TASK PROMPT
The required result is every line of the records that includes "else".

Saved entries:
* * * * * * * * *

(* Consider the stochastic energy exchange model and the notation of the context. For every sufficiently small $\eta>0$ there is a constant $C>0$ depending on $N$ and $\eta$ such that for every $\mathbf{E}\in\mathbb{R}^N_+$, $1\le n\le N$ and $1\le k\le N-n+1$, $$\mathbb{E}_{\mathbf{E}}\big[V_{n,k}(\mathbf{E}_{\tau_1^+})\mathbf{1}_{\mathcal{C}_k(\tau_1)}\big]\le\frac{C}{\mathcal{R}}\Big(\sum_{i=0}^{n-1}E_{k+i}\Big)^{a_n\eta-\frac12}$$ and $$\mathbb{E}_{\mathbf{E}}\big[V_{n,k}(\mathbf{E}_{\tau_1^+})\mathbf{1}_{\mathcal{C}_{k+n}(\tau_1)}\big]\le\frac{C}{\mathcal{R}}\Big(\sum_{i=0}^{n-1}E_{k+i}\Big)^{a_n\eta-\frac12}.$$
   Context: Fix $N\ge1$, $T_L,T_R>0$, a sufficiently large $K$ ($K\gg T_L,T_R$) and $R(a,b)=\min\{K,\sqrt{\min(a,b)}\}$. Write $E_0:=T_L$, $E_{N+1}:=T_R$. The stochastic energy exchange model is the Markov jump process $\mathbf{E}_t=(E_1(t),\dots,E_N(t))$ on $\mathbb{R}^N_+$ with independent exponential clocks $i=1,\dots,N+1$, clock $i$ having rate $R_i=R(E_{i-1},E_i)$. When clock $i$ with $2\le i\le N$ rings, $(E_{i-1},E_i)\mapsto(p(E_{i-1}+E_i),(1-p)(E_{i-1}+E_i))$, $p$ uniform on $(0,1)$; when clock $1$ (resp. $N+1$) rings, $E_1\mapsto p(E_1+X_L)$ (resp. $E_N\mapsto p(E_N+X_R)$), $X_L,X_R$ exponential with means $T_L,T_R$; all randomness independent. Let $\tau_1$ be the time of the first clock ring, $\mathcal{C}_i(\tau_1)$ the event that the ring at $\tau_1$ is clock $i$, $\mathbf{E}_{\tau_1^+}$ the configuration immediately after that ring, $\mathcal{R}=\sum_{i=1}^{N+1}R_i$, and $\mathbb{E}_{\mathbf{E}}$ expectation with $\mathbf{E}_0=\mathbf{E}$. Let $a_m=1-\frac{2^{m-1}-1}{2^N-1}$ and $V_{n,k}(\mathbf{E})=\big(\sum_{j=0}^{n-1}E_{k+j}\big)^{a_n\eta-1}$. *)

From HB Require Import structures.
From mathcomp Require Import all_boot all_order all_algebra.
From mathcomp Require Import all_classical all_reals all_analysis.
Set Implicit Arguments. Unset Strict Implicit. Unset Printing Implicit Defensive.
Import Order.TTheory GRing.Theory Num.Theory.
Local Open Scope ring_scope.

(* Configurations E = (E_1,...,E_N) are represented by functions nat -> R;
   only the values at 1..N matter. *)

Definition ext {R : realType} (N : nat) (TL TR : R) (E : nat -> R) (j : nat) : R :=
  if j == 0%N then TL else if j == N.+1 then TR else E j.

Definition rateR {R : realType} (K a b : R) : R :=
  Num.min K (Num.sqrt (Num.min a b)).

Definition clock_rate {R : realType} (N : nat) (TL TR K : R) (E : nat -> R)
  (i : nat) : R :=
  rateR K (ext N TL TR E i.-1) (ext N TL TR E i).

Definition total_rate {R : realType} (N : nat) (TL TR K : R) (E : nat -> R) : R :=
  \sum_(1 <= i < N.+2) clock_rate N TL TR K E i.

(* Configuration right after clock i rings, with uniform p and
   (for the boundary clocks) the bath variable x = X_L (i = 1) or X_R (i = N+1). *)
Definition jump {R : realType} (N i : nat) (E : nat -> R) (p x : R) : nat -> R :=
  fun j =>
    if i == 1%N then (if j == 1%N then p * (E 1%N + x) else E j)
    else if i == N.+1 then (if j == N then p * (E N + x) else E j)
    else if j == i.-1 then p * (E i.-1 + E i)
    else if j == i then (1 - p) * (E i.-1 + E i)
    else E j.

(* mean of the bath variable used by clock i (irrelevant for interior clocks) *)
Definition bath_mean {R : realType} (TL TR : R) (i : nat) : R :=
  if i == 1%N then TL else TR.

* * * * * * * * *

TASK RESULT
  if j == 0%N then TL else if j == N.+1 then TR else E j.
    if i == 1%N then (if j == 1%N then p * (E 1%N + x) else E j)
    else if i == N.+1 then (if j == N then p * (E N + x) else E j)
    else if j == i.-1 then p * (E i.-1 + E i)
    else if j == i then (1 - p) * (E i.-1 + E i)
    else E j.
  if i == 1%N then TL else TR.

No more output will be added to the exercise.